Мог ли Биэрд признаться Хесусу, что давно не занимается серьезной наукой и не верит в глубокие внутренние перемены. Только в медленный внутренний и внешний распад. Он вернул разговор в более безопасное русло: соотношение пингвина и белого медведя в плане ледяной скульптуры. Однако настроение у него упало, действие болеутоляющих слабело, вино – то же самое вино – теперь казалось водянистым и резким, а веселье вокруг напоминало ему, что брак его кончился. Он устал и чувствовал себя слишком циничным, чтобы продолжать общение. Оживленность его в беседе оказалась искусственной, следствием шока, лекарств и алкоголя.

Он закончил разговор, пожелал Хесусу спокойной ночи и, бормоча извинения, стал протискиваться между столами к проходу. Все разговоры, мимо которых он проходил, были об искусстве и изменении климата. За соседним столом женщина-хореограф, которую он раньше не заметил, элегантная и красивая, преисполненная энтузиазма, описывала с французским акцентом задуманный ею геометрический танец на льду. Биэрд не мог этого вынести; их оптимизм угнетал его. Все, кроме него, были обеспокоены глобальным потеплением, и все веселились, он один был мрачен. Скорей туда, где тихо и темно, – до остального ему не было дела.

Он долго лежал на койке в своей душной каюте и не мог уснуть из-за пульсации в паху – сердцебиение как будто переместилось туда. Он слушал голоса и смех и спрашивал себя, продлится ли его мизантропия всю неделю. Мысль о вертолете, он понял теперь, была абсурдна. Оторвавшись от своей жизни в далеком Белсайз-Парке ради этой безжизненной пустыни, он с небывалой ясностью осознал идиотизм своего существования. Патриция, Тарпин, Центр и прочие псевдоработы – маскировка своей никчемности. Что такое жизнь без высоких целей? Ответ был именно такой – еще одна ночь незапоминающихся бессонных мыслей.

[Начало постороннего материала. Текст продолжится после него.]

(* Let $P$ and $Q$ be stochastic matrices over a countable set $\Omega$. Say that $P$ and $Q$ satisfy condition $(\star)$ via a permutation $\sigma$ of $\Omega$ if (a) for all $i,j$, $P_{ij}>0\iff Q_{\sigma(i)\sigma(j)}>0$, and (b) for all $n,m\in\mathbb{N}$ and all $i,j,k\in\Omega$ with $P^{(n)}_{ij}P^{(m)}_{jk}>0$, $$\frac{P^{(n)}_{ij}P^{(m)}_{jk}}{P^{(n+m)}_{ik}}=\frac{Q^{(n)}_{\sigma(i)\sigma(j)}Q^{(m)}_{\sigma(j)\sigma(k)}}{Q^{(n+m)}_{\sigma(i)\sigma(k)}}.$$ Then: (1) if there is a $\rho$-unitary isomorphism $Arv(P)\to Arv(Q)$ for a *-automorphism $\rho$ of $\ell^\infty(\Omega)$, then $P$ and $Q$ satisfy $(\star)$ via $\sigma_\rho$; (2) if $P$ and $Q$ satisfy $(\star)$ via $\sigma$, then there is a $\rho_\sigma$-unitary isomorphism $Arv(P)\to Arv(Q)$.
   Context: A stochastic matrix over $\Omega$ has nonnegative entries and row sums $1$; $P^{(n)}_{ij}$ is the $(i,j)$ entry of $P^n$ ($P^0=I$). Every *-automorphism $\rho$ of $\ell^\infty(\Omega)$ is of the form $\rho_\sigma(f)=f\circ\sigma^{-1}$ for a unique permutation $\sigma$; $\sigma_\rho$ denotes the permutation with $\rho(p_j)=p_{\sigma_\rho(j)}$, $p_j$ the indicator of $\{j\}$. $Arv(P)$: $Arv(P)_0=\ell^\infty(\Omega)$; $Arv(P)_n$ ($n\ge1$) is the set of complex $\Omega\times\Omega$ matrices $A=[a_{ij}]$ with $a_{ij}=0$ whenever $P^{(n)}_{ij}=0$ and $\sup_j\sum_i|a_{ij}|^2<\infty$, a W*-correspondence over $\ell^\infty(\Omega)$ with actions by multiplication by diagonal matrices and inner product $\mathrm{Diag}(A^*B)$; $U^P_{n,m}(A\otimes B)=(\sqrt{P^{n+m}})^{\flat}*[(\sqrt{P^n}*A)(\sqrt{P^m}*B)]$ for $n,m\ge1$ ($*$ entrywise product, $\sqrt\cdot$ entrywise, $M^\flat_{ik}=M_{ik}^{-1}$ if $M_{ik}>0$, else $0$), $U_{0,n},U_{n,0}$ module actions. A $\rho$-unitary isomorphism $V:Arv(P)\to Arv(Q)$ is a family $(V_n)_{n\ge0}$ with $V_0=\rho$ and, for $n\ge1$, $V_n:Arv(P)_n\to Arv(Q)_n$ surjective linear with $V_n(a\xi b)=\rho(a)V_n(\xi)\rho(b)$ and $\rho^{-1}(\langle V_n\xi,V_n\eta\rangle)=\langle\xi,\eta\rangle$, such that $V_{n+m}U^P_{n,m}=U^Q_{n,m}(V_n\otimes V_m)$ for all $n,m$. *)

From Stdlib Require Import Reals.
From Coquelicot Require Import Coquelicot.
From mathcomp Require Import ssreflect ssrfun ssrbool eqtype choice.

Set Implicit Arguments.
Unset Strict Implicit.

Section Defs.
Variable T : countType.

Definition enumR (f : T -> R) (n : nat) : R :=
  match @pickle_inv T n with Some x => f x | None => 0%R end.

(* sum over the countable set T (used only for absolutely summable families) *)
Definition has_rsum (f : T -> R) (s : R) : Prop :=
  @is_series R_AbsRing R_NormedModule (enumR f) s.
Definition ex_rsum (f : T -> R) : Prop := exists s, has_rsum f s.
Definition rsum (f : T -> R) : R := Series (enumR f).
Definition csum (f : T -> C) : C :=
  (rsum (fun x => Re (f x)), rsum (fun x => Im (f x))).

Definition rmat := T -> T -> R.
Definition cmat := T -> T -> C.

Fixpoint mpow (P : rmat) (n : nat) : rmat :=
  match n with
  | O => fun i k => if i == k then 1%R else 0%R
  | S n' => fun i k => rsum (fun j => (mpow P n' i j * P j k)%R)
  end.

Definition stochastic (P : rmat) : Prop :=
  (forall i j, (0 <= P i j)%R) /\ (forall i, has_rsum (P i) 1%R).

Definition linf (f : T -> C) : Prop := exists M, forall i, (Cmod (f i) <= M)%R.

Definition pind (j : T) : T -> C := fun i => if i == j then RtoC 1 else RtoC 0.

Definition star_aut (rho : (T -> C) -> (T -> C)) : Prop :=
  (forall f, linf f -> linf (rho f)) /\
  (forall f g, linf f -> linf g -> rho f = rho g -> f = g) /\
  (forall g, linf g -> exists f, linf f /\ rho f = g) /\
  (forall f g, linf f -> linf g -> rho (fun i => f i + g i)%C = (fun i => rho f i + rho g i)%C) /\
  (forall c f, linf f -> rho (fun i => c * f i)%C = (fun i => c * rho f i)%C) /\
  (forall f g, linf f -> linf g -> rho (fun i => f i * g i)%C = (fun i => rho f i * rho g i)%C) /\
  (forall f, linf f -> rho (fun i => Cconj (f i)) = (fun i => Cconj (rho f i))).

(* Arv(P)_n for n >= 1 *)
Definition Arv (P : rmat) (n : nat) (A : cmat) : Prop :=
  (forall i j, mpow P n i j = 0%R -> A i j = RtoC 0) /\
  exists M, forall j, ex_rsum (fun i => (Cmod (A i j) ^ 2)%R) /\
                      (rsum (fun i => (Cmod (A i j) ^ 2)%R) <= M)%R.

(* bimodule actions: multiplication by diagonal matrices *)
Definition lact (a : T -> C) (A : cmat) : cmat := fun i j => (a i * A i j)%C.
Definition ract (A : cmat) (b : T -> C) : cmat := fun i j => (A i j * b j)%C.
Definition cadd (A B : cmat) : cmat := fun i j => (A i j + B i j)%C.
Definition cscal (c : C) (A : cmat) : cmat := fun i j => (c * A i j)%C.

(* inner product Diag(A^* B) *)
Definition ip (A B : cmat) : T -> C := fun j => csum (fun i => (Cconj (A i j) * B i j)%C).

(* U^P_{n,m}(A (x) B) for n, m >= 1 *)
Definition flatinv (x : R) : R := if Rlt_dec 0 x then (/ x)%R else 0%R.
Definition Umul (P : rmat) (n m : nat) (A B : cmat) : cmat :=
  fun i k =>
    (RtoC (flatinv (sqrt (mpow P (n + m) i k))) *
     csum (fun j => (RtoC (sqrt (mpow P n i j)) * A i j) *
                    (RtoC (sqrt (mpow P m j k)) * B j k)))%C.

(* V = (V_n)_n is a rho-unitary isomorphism Arv(P) -> Arv(Q); V_0 = rho,
   V n for n >= 1 acts on matrices (V 0 is unused) *)
Definition rho_unitary_iso (P Q : rmat) (rho : (T -> C) -> (T -> C))
    (V : nat -> cmat -> cmat) : Prop :=
  (forall n, (1 <= n)%nat ->
     (forall A, Arv P n A -> Arv Q n (V n A)) /\
     (forall B, Arv Q n B -> exists A, Arv P n A /\ V n A = B) /\
     (forall A B, Arv P n A -> Arv P n B -> V n (cadd A B) = cadd (V n A) (V n B)) /\
     (forall c A, Arv P n A -> V n (cscal c A) = cscal c (V n A)) /\
     (forall a b A, linf a -> linf b -> Arv P n A ->
        V n (ract (lact a A) b) = ract (lact (rho a) (V n A)) (rho b)) /\
     (forall A B, Arv P n A -> Arv P n B -> ip (V n A) (V n B) = rho (ip A B))) /\
  (forall n m A B, (1 <= n)%nat -> (1 <= m)%nat -> Arv P n A -> Arv P m B ->
     V (n + m)%nat (Umul P n m A B) = Umul Q n m (V n A) (V m B)).

Definition star_cond (P Q : rmat) (sigma : T -> T) : Prop :=
  (forall i j, (0 < P i j)%R <-> (0 < Q (sigma i) (sigma j))%R) /\
  (forall (n m : nat) (i j k : T),
     (0 < mpow P n i j * mpow P m j k)%R ->
     (mpow P n i j * mpow P m j k / mpow P (n + m) i k)%R =
     (mpow Q n (sigma i) (sigma j) * mpow Q m (sigma j) (sigma k)
        / mpow Q (n + m) (sigma i) (sigma k))%R).

End Defs.

(* Everything is read off the matrix units [E_ij].  If [V] is a [rho]-unitary
   isomorphism, [E_ij] lies in [Arv(P)_n] iff [P^(n)_ij > 0]; as [V_n] is a bimodule map
   over [rho] with [rho(p_j) = p_sigma(j)], it sends [E_ij] to [l E_sigma(i)sigma(j)],
   and preservation of inner products gives [|l| = 1].  So [P^(n)_ij > 0] iff
   [Q^(n)_sigma(i)sigma(j) > 0], and applying [V_(n+m)] to
   [U(E_ij, E_jk) = sqrt (P^(n)_ij P^(m)_jk / P^(n+m)_ik) E_ik] yields (b).
   Conversely, under (star) relabelling the entries by [sigma^-1] is such an
   isomorphism: (a) makes it respect the supports, sums over [Omega] are invariant
   under bijections, and (b) says that the scalar factors in [U^P] and [U^Q] agree. *)

From HB Require Import structures.
From Stdlib Require Import Reals Lra Lia Classical FunctionalExtensionality.
From Coquelicot Require Import Coquelicot.
From mathcomp Require Import ssreflect ssrfun ssrbool eqtype choice ssrnat seq bigop.

Set Implicit Arguments.
Unset Strict Implicit.

HB.instance Definition _ := Monoid.isComLaw.Build R 0%R Rplus
  (fun a b c => esym (Rplus_assoc a b c)) Rplus_comm Rplus_0_l.

Open Scope R_scope.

Двумя часами позже, когда сон уже подкрадывался, послышались звуки настраиваемой гитары; он застонал и повернулся на бок. Но сквозь деревянную переборку донеслось не бренчанье и не пенье, а нежная мелодия, как будто испанская, задумчивая и в то же время легкая, по-моцартовски ясная. Утром он выяснит, что это был этюд Фернандо Сора. В полной темноте, лежа на узкой койке, он не сомневался, что играет Хесус, как будто бы ему играет, и под эту меланхолическую музыку уснул.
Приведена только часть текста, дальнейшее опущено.